**Prompt:** After finding the line containing "End Transposition." below, please output that line and each following one through the line containing "have [j [j'", exactly as written.

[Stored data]
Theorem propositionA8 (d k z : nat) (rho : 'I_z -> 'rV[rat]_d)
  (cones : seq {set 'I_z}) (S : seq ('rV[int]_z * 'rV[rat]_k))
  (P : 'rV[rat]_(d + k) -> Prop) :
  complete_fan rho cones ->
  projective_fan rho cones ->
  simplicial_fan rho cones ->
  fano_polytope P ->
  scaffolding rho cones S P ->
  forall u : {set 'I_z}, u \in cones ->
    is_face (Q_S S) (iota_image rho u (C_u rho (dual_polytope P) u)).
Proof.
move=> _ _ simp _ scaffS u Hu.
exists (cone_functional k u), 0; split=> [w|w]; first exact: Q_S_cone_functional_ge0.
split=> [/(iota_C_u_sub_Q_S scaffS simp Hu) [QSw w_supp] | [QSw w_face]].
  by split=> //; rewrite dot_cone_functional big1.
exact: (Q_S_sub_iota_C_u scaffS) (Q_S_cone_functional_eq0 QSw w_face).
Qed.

...

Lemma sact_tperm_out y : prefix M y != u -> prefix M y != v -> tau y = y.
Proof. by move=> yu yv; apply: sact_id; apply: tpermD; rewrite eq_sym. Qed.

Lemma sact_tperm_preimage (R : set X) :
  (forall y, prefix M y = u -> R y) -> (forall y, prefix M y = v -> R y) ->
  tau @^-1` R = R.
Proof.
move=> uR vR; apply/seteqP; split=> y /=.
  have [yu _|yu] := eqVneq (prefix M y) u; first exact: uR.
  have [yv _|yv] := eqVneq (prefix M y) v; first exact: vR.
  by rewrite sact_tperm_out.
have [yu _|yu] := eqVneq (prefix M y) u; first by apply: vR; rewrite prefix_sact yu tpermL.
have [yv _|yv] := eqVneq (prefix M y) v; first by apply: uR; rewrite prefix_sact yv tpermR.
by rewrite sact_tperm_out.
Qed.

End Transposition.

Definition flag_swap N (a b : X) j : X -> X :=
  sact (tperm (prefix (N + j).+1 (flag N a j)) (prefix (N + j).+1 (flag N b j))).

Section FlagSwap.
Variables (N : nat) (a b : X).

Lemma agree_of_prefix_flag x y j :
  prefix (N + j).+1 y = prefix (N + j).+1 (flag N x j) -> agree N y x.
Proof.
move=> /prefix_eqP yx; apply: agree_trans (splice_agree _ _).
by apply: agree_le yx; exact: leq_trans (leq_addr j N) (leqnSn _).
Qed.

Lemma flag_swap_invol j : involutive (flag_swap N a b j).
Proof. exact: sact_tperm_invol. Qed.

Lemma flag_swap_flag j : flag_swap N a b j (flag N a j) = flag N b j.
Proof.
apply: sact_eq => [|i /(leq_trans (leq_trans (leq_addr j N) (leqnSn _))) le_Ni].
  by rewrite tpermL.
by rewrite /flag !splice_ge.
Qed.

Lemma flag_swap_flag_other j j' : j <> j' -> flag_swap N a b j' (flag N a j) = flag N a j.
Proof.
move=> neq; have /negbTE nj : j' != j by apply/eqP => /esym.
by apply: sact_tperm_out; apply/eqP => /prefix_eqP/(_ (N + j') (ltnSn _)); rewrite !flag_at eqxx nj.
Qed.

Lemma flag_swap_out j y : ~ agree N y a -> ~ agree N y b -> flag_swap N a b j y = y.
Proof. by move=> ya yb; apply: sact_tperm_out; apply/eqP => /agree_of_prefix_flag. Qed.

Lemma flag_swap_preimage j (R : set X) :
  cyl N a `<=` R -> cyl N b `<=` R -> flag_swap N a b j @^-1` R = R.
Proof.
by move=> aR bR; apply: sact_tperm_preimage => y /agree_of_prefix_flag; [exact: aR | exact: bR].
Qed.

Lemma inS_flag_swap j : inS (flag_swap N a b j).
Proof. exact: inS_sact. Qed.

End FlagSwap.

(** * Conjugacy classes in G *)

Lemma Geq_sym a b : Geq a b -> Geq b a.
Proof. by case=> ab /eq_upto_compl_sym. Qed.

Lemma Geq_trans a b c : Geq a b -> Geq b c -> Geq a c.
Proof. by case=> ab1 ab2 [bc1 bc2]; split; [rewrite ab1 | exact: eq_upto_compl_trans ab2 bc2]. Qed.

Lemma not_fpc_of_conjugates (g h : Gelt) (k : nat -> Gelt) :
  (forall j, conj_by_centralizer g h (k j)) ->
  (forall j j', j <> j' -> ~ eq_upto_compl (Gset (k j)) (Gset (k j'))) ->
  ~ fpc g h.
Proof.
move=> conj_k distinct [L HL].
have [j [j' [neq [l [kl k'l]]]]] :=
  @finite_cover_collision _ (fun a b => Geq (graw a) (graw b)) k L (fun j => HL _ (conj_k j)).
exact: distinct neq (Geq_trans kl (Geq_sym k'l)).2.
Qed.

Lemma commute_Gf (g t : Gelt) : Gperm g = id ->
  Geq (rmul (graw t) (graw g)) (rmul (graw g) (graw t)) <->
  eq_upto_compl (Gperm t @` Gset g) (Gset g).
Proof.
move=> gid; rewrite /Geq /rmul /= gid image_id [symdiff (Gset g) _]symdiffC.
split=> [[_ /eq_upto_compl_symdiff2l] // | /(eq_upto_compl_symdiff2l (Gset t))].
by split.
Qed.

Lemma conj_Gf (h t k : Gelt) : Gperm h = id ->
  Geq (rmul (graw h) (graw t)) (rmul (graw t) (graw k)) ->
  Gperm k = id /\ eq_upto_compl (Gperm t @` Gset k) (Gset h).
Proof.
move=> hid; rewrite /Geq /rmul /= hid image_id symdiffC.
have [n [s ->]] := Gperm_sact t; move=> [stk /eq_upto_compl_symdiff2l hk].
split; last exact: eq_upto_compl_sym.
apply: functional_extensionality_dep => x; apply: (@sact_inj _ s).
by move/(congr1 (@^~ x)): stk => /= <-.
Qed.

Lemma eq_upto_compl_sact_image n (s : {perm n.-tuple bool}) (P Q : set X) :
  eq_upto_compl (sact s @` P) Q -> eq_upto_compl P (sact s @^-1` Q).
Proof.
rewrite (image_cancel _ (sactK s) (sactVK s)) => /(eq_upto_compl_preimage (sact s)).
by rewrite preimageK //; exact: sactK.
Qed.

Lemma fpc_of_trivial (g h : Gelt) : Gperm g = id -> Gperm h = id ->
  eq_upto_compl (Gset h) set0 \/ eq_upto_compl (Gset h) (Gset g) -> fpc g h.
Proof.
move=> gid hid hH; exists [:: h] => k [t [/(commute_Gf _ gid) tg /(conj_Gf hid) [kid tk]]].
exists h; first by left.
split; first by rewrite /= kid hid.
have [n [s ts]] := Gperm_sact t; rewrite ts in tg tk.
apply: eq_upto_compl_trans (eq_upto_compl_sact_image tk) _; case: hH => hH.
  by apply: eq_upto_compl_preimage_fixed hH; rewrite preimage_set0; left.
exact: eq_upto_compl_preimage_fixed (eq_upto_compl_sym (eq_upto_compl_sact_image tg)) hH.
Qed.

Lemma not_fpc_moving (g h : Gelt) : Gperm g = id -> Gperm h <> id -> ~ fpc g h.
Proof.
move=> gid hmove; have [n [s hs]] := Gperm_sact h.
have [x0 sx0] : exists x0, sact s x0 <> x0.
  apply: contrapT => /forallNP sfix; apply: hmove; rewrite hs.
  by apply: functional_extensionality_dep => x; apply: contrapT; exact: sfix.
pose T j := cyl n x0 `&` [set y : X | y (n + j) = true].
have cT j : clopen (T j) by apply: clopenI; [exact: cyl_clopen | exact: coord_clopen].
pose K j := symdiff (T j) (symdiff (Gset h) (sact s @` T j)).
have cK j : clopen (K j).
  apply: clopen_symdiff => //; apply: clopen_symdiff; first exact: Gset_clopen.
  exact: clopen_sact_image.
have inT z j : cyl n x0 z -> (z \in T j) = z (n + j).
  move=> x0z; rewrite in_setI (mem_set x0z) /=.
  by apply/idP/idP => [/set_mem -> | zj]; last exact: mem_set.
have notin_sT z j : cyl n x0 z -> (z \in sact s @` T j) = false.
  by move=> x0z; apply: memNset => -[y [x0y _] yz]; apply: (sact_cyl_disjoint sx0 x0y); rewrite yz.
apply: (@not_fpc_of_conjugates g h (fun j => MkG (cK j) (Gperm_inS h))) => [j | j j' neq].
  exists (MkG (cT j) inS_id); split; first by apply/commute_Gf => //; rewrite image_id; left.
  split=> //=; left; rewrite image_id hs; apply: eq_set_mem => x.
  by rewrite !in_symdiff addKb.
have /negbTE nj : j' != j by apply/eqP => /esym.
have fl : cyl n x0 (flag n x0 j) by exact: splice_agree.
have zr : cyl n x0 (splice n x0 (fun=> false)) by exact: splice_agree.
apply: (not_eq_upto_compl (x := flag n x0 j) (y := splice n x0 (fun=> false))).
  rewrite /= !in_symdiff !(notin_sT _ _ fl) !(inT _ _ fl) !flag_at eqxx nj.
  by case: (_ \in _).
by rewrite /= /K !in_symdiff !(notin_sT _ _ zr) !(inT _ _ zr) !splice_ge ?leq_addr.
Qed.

**The answer:**
End Transposition.

Definition flag_swap N (a b : X) j : X -> X :=
  sact (tperm (prefix (N + j).+1 (flag N a j)) (prefix (N + j).+1 (flag N b j))).

Section FlagSwap.
Variables (N : nat) (a b : X).

Lemma agree_of_prefix_flag x y j :
  prefix (N + j).+1 y = prefix (N + j).+1 (flag N x j) -> agree N y x.
Proof.
move=> /prefix_eqP yx; apply: agree_trans (splice_agree _ _).
by apply: agree_le yx; exact: leq_trans (leq_addr j N) (leqnSn _).
Qed.

Lemma flag_swap_invol j : involutive (flag_swap N a b j).
Proof. exact: sact_tperm_invol. Qed.

Lemma flag_swap_flag j : flag_swap N a b j (flag N a j) = flag N b j.
Proof.
apply: sact_eq => [|i /(leq_trans (leq_trans (leq_addr j N) (leqnSn _))) le_Ni].
  by rewrite tpermL.
by rewrite /flag !splice_ge.
Qed.

Lemma flag_swap_flag_other j j' : j <> j' -> flag_swap N a b j' (flag N a j) = flag N a j.
Proof.
move=> neq; have /negbTE nj : j' != j by apply/eqP => /esym.
by apply: sact_tperm_out; apply/eqP => /prefix_eqP/(_ (N + j') (ltnSn _)); rewrite !flag_at eqxx nj.
Qed.

Lemma flag_swap_out j y : ~ agree N y a -> ~ agree N y b -> flag_swap N a b j y = y.
Proof. by move=> ya yb; apply: sact_tperm_out; apply/eqP => /agree_of_prefix_flag. Qed.

Lemma flag_swap_preimage j (R : set X) :
  cyl N a `<=` R -> cyl N b `<=` R -> flag_swap N a b j @^-1` R = R.
Proof.
by move=> aR bR; apply: sact_tperm_preimage => y /agree_of_prefix_flag; [exact: aR | exact: bR].
Qed.

Lemma inS_flag_swap j : inS (flag_swap N a b j).
Proof. exact: inS_sact. Qed.

End FlagSwap.

(** * Conjugacy classes in G *)

Lemma Geq_sym a b : Geq a b -> Geq b a.
Proof. by case=> ab /eq_upto_compl_sym. Qed.

Lemma Geq_trans a b c : Geq a b -> Geq b c -> Geq a c.
Proof. by case=> ab1 ab2 [bc1 bc2]; split; [rewrite ab1 | exact: eq_upto_compl_trans ab2 bc2]. Qed.

Lemma not_fpc_of_conjugates (g h : Gelt) (k : nat -> Gelt) :
  (forall j, conj_by_centralizer g h (k j)) ->
  (forall j j', j <> j' -> ~ eq_upto_compl (Gset (k j)) (Gset (k j'))) ->
  ~ fpc g h.
Proof.
move=> conj_k distinct [L HL].
have [j [j' [neq [l [kl k'l]]]]] :=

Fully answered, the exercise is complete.